BTW - I'm parting with a few of mine. If anyone's interested see here: http://www.michigan-sportsman.com/forum/showthread.php?t=119714

These units are not Vex's but they work! And they're not priced like one either!  

Thanks for lookin!


----------



## danakaiggy (Jan 6, 2009)

which battery would i use a motorcycle will it be to strong and hurt it


----------



## Burksee (Jan 15, 2003)

danakaiggy said:


> which battery would i use a motorcycle will it be to strong and hurt it


If you have a 12V motorcycle battery it will work just fine.

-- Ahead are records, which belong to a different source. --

(* Let $\lambda/\mu$ be a border strip, let $P_{\lambda/\mu}=P_{\lambda/\mu}(\mathbf{p})$ be a mobile poset with underlying border strip $\lambda/\mu$, and let $\omega$ be a labeling of it that is a reversed Schur labeling on the border-strip cells and natural on the hanging $d$-complete posets (i.e. $\omega(x)<\omega(y)$ whenever $y$ covers $x$ and $x$ lies in a hanging $d$-complete poset). Then $$e_q^{\mathrm{maj}}(P_{\lambda/\mu},\omega)=\sum_{\mu\to\nu} q^{|P_{\lambda/\nu_1}|}\, e_q^{\mathrm{maj}}(P_{\lambda/\nu},\omega_\nu),$$ where the sum is over all inner corners $u$ of $\lambda/\mu$ (with $\nu$ the partition with $[\nu]=[\mu]\cup\{u\}$), $P_{\lambda/\nu}$ is the poset $P_{\lambda/\mu}$ with the element $u$ removed, $\omega_\nu$ is the restriction of $\omega$ to $P_{\lambda/\nu}$, and $P_{\lambda/\nu_1}$ is the subposet consisting of the border-strip cells of content less than $c(u)$ together with all elements of the $d$-complete posets hanging from those cells.
   Context: English notation: $[\lambda]=\{(i,j):1\le i\le\ell(\lambda),1\le j\le\lambda_i\}$, $[\lambda/\mu]=[\lambda]\setminus[\mu]$, content $c(i,j)=j-i$. A border strip is a skew shape whose diagram is edge-connected with no $2\times2$ square. The border strip poset on $[\lambda/\mu]$ has $(i,j)\le(i',j')$ iff $i\ge i'$ and $j\ge j'$; an inner corner is a cell $u\in[\lambda/\mu]$ with $[\mu]\cup\{u\}$ a partition diagram (these are maximal). A mobile poset is obtained by choosing for each cell $x$ a finite (possibly empty) family of disjoint connected $d$-complete posets (Proctor), each with a unique maximal element, and letting $x$ cover each of these maximal elements. A reversed Schur labeling on the border strip: listing strip cells in increasing order of content, their labels strictly decrease. For a poset $R$ with injective labeling $\omega_R$ into $\mathbb{Z}$ and $|R|=r$, each order-preserving bijection $g:R\to[r]$ gives the word $\sigma=\omega_R\circ g^{-1}$; $\mathrm{maj}(\sigma)=\sum_{i:\sigma_i>\sigma_{i+1}}i$, and $e_q^{\mathrm{maj}}(R,\omega_R)=\sum_g q^{\mathrm{maj}(\omega_R\circ g^{-1})}$. *)

From HB Require Import structures.
From mathcomp Require Import all_boot all_order all_algebra.
From mathcomp Require Import boolp.
Set Implicit Arguments. Unset Strict Implicit. Unset Printing Implicit Defensive.
Import Order.TTheory GRing.Theory Num.Theory.

Definition cell := (nat * nat)%type.
Lemma emb_tr_expg_prime_pow_inv e :
  emb_tr (g ^+ (p ^ e)) = 1 -> emb_tr g ^+ (p ^ e) = 1.
Proof.
move=> tr1; have := emb_tr_expg_prime_pow_fact e.
rewrite tr1 expg1n -(prednK p1_gt0) big_ord_recl /= divn1 bin0 muln1 => /esym.
apply: delta_relation_trivial; first by apply: p_eltX; apply: pelt_emb_tr.
by rewrite prednK //; apply: coprime_fact_pred.
Qed.

Lemma order_emb_tr : #[emb_tr g] = #[g].
Proof.
have eq1 e : (g ^+ (p ^ e) == 1) = (emb_tr g ^+ (p ^ e) == 1).
  apply/eqP/eqP => [g_e | c_e].
    by apply: emb_tr_expg_prime_pow_inv; rewrite g_e emb_tr1.
  by apply: emb_tr_inj; rewrite ?groupX // emb_tr1 emb_tr_expg_prime_pow.
have [a ord_g] := p_natP p_g; have [b ord_c] := p_natP pelt_emb_tr.
apply/eqP; rewrite eqn_dvd !order_dvdn.
by rewrite ord_g -eq1 -ord_g expg_order eqxx ord_c (eq1 b) -ord_c expg_order eqxx.
Qed.

End PElement.

Lemma emb_tr_constt (p : nat) g : g \in Gamma -> (emb_tr g).`_p = emb_tr g.`_p.
Proof.
move=> Gg; have Gp : g.`_p \in Gamma by rewrite groupX.
have Gp' : g.`_p^' \in Gamma by rewrite groupX.
have p_tr := pelt_emb_tr Gp (p_elt_constt p g).
rewrite -{1}(consttC p g) emb_trM // consttM_all -emb_aut_constt // (constt_p_elt p_tr).
have tr_p'_part : (emb_tr g.`_p^').`_p = 1 := emb_trq_p'elt Gp' (p_elt_constt _ _).
by rewrite (emb_aut_p'elt_fix Gp' (p_elt_constt _ _) p_tr) tr_p'_part mulg1.
Qed.

Lemma order_emb_tr_all : (forall p, prime p -> logn p #|[set: gT]| < p)%N ->
  {in Gamma, forall g, #[emb_tr g] = #[g]}.
Proof.
move=> small g Gg; apply: eqn_from_log => // p.
have [p_pr | p_npr] := boolP (prime p).
  rewrite -(logn_part p #[emb_tr g]) -(logn_part p #[g]) -!order_constt.
  by rewrite emb_tr_constt // (order_emb_tr p_pr (small p p_pr)) ?groupX ?p_elt_constt.
by rewrite (lognE p #[g]) lognE (negPf p_npr).
Qed.

End Abelian.
End RegularEmbedding.

Theorem theorem3 (aT : finGroupType) (Gamma : {group aT}) :
  abelian Gamma ->
  (forall p : nat, prime p -> (p %| #|Gamma|)%N ->
     (logn p #|Gamma| < p.-1)%N || ((p <= 3)%N && (logn p #|Gamma| < p)%N)) ->
  forall gT : finGroupType,
    abelian [set: gT] -> #|[set: gT]| = #|Gamma| ->
    (0 < e_HGS gT Gamma)%N ->
    [set: gT] \isog Gamma.
Proof.
move=> cGamma small_Gamma gT cG card_G /card_gt0P[X /imsetP[f]].
rewrite inE => f_reg _.
have small_G p : prime p -> (logn p #|[set: gT]| < p)%N.
  move=> p_pr; rewrite card_G; have [p_dvd | p_ndvd] := boolP (p %| #|Gamma|)%N.
    case/orP: (small_Gamma p p_pr p_dvd) => [lt_v_p1 | /andP[_ //]].
    exact: leq_trans lt_v_p1 (leq_pred p).
  by rewrite logn_coprime ?prime_gt0 // prime_coprime.
rewrite isog_sym; apply: (isog_abelian_order_bij (t := emb_tr f)) => //.
- exact: emb_tr_inj.
- apply/setP => y; rewrite inE.
  by have [g Gg <-] := emb_tr_onto f_reg y; apply: imset_f.
- exact: order_emb_tr_all.
Qed.
Lemma card_mul_admissible_le (B : {set {set {set V}}}) :
  (forall M Y, M \in A -> Y \in admissible (cover X) -> rematch X M Y \in B) ->
  #|A| * #|admissible (cover X)| <= #|B|.
Proof.
move=> AB; rewrite -cardsX -(card_in_imset rematch_inj).
by apply/subset_leq_card/subsetP => _ /imsetP [[M Y] /setXP [MA YX] ->]; apply: AB.
Qed.

End Counting.

Lemma rematch_perfect X M Y : is_matching X -> perfect_matching M -> X \subset M ->
  Y \in admissible (cover X) -> perfect_matching (rematch X M Y).
Proof. by move=> mX pM XM YX; apply: switch_perfect (rematch_data mX pM XM YX). Qed.

Lemma rematch_keeps_outside X M Y P : is_matching X -> perfect_matching M -> X \subset M ->
  Y \in admissible (cover X) -> [disjoint cover P & cover X] ->
  P \subset rematch X M Y -> P \subset M.
Proof.
move=> mX pM XM YX dj /subsetP PR; apply/subsetP => e eP.
have : e \in [set e in rematch X M Y | [disjoint e & cover X]].
  by rewrite inE PR //= (disjointWl (bigcup_sup e eP) dj).
by rewrite (switch_outside (rematch_data mX pM XM YX)) => /setDP [/setDP []].
Qed.

Lemma card_admissible n x U : #|U| = x.*2 -> #|~: U| = (n - x).*2 -> x <= n ->
  #|admissible U| = \sum_(x.*2 - n <= j < x.+1) #|matchings_in U j|.
Proof.
move=> cU cCU xn.
have in_range Y : Y \in admissible U -> x.*2 - n <= #|Y| < x.+1.
  case/admissibleP => mY YU; rewrite card_uncovered // cU cCU.
  have := subset_leq_card YU; rewrite card_cover_matching // cU; lia.
have fiber j : x.*2 - n <= j < x.+1 -> [set Y in admissible U | #|Y| == j] = matchings_in U j.
  move=> jr; apply/setP => Y; rewrite !inE -andbA; apply: andb_id2l => mY.
  case: (boolP (cover Y \subset U)) => //= YU.
  case: eqP => [cY|]; rewrite ?andbF //= andbT card_uncovered // cU cCU cY; lia.
rewrite -sum1_card (eq_bigr (fun Y => \sum_(x.*2 - n <= j < x.+1) (#|Y| == j : nat))).
  rewrite exchange_big; apply: eq_big_nat => j jr.
  by rewrite sum_nat_pred_card fiber.
move=> Y /in_range YR; rewrite (eq_bigr (fun j => (j == #|Y| : nat))) => [|j _].
  by rewrite -big_mkcondr big_nat1_eq YR.
by rewrite eq_sym.
Qed.

End Rematch.

Lemma card_matchings_in_ratio (F : numFieldType) (V : finType) (U : {set V}) x j :
  #|U| = x.*2 ->
  (#|matchings_in U j|%:R = 'C(x.*2, j.*2)%:R * ((j.*2)`!%:R / (j`! * 2 ^ j)%:R) :> F)%R.
Proof.
move=> cU; rewrite mulrA -natrM bin_ffact -cU -(card_matchings_in U j) mulnC natrM mulfK //.
by rewrite pnatr_eq0 -lt0n muln_gt0 fact_gt0 expn_gt0.
Qed.

Lemma bigN_card_admissible (V : finType) n x (U : {set V}) :
  #|V| = n.*2 -> #|U| = x.*2 -> x <= n -> bigN n x = (#|admissible U|%:R)%R.
Proof.
move=> cV cU xn; have cCU : #|~: U| = (n - x).*2.
  by move: (cardsC U); rewrite cV cU doubleB => <-; rewrite addKn.
rewrite (card_admissible cU cCU xn) natr_sum; apply: eq_bigr => j _.
by rewrite (card_matchings_in_ratio _ _ cU).
Qed.

Lemma cond_prob_le_inv n (A E : pred {set {set 'I_(n.*2)}}) k : (0 < prob E)%R -> 0 < k ->
  #|[set M in pm_space n | A M && E M]| * k <= #|[set M in pm_space n | E M]| ->
  (cond_prob A E <= 1 / k%:R)%R.
Proof.
rewrite /cond_prob /prob => PE k0 AEk.
have pm0 : (0 < #|pm_space n|%:R :> rat)%R.
  by rewrite ltr0n lt0n; apply: contraTneq PE => ->; rewrite invr0 mulr0 ltxx.
have E0 : (0 < #|[set M in pm_space n | E M]|%:R :> rat)%R.
  by move: PE; rewrite pmulr_lgt0 // invr_gt0.
rewrite mulrC invf_div mulrA mulrC !mulrA mulVf ?mul1r ?gt_eqF // mulrC.
by rewrite ler_pdivrMr // mulrC ler_pdivlMr ?ltr0n // -natrM ler_nat.
Qed.

Lemma ev_avoid_rematch n s (S : {set ('I_s * {set {set 'I_(n.*2)}})}) X M Y :
  is_matching X -> perfect_matching M -> X \subset M -> Y \in admissible (cover X) ->
  (forall p, p \in S -> [disjoint cover p.2 & cover X]) ->
  ev_avoid S M -> ev_avoid S (rematch X M Y).
Proof.
move=> mX pM XM YX Sdj /forall_inP avoidM; apply/forall_inP => p pS.
exact: contra (rematch_keeps_outside mX pM XM YX (Sdj p pS)) (avoidM p pS).
Qed.

Theorem mainTheorem5 (n x s : nat) (Ms : 'I_s -> {set {set 'I_(n.*2)}})
  (S : {set ('I_s * {set {set 'I_(n.*2)}})})
  (i : 'I_s) (X : {set {set 'I_(n.*2)}}) :
  (0 < n)%N -> (0 < x)%N -> (x <= n)%N ->
  (forall k, perfect_matching (Ms k)) ->
  X \subset Ms i -> x_matching x X ->
  (forall p, p \in S ->
     [/\ p.2 \subset Ms p.1, x_matching x p.2 & [disjoint cover p.2 & cover X]]) ->
  (0 < prob (ev_avoid S))%R ->
  (cond_prob (ev_contains X) (ev_avoid S) <= 1 / bigN n x)%R.
Proof.
move=> _ _ xn _ _ /andP [mX /eqP cX] HS PE.
have cU : #|cover X| = x.*2 by rewrite card_cover_matching // cX.
rewrite (bigN_card_admissible (card_ord _) cU xn).
have XX : X \in admissible (cover X) by apply/admissibleP; rewrite setDv cards0.
apply: cond_prob_le_inv => //; first by apply/card_gt0P; exists X.
apply: (card_mul_admissible_le mX) => [M | M Y + YX].
  by rewrite !inE /ev_contains => /and3P [-> ->].
rewrite !inE /ev_contains => /and3P [pM XM avoidM].
by rewrite rematch_perfect //=; apply: ev_avoid_rematch avoidM => // p /HS [].
Qed.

If you have to buy a battery I'd look back in thread, theres a post to Gruber Batterys, I've got the 12V 5ah and it will run my LGB all day long, fits into the LGB were the lantern batterys went to!


----------



## flipp1958 (Jan 9, 2009)

jbird68 said:


> I am also toying around with modifying my unit to run off of a 12V rechargeable battery. I've heard of people using a motorcycle battery. But what about one of those 12V batteries that are used in the Little Tikes or Power Wheels vehicles?
> 
> 
> Oh yeah, I took the tranducer off of the bracket and YES is hangs straight. I didn't notice that the cable came out the top.
> ...


that will work but run time will not be long also check amps on your flasher


----------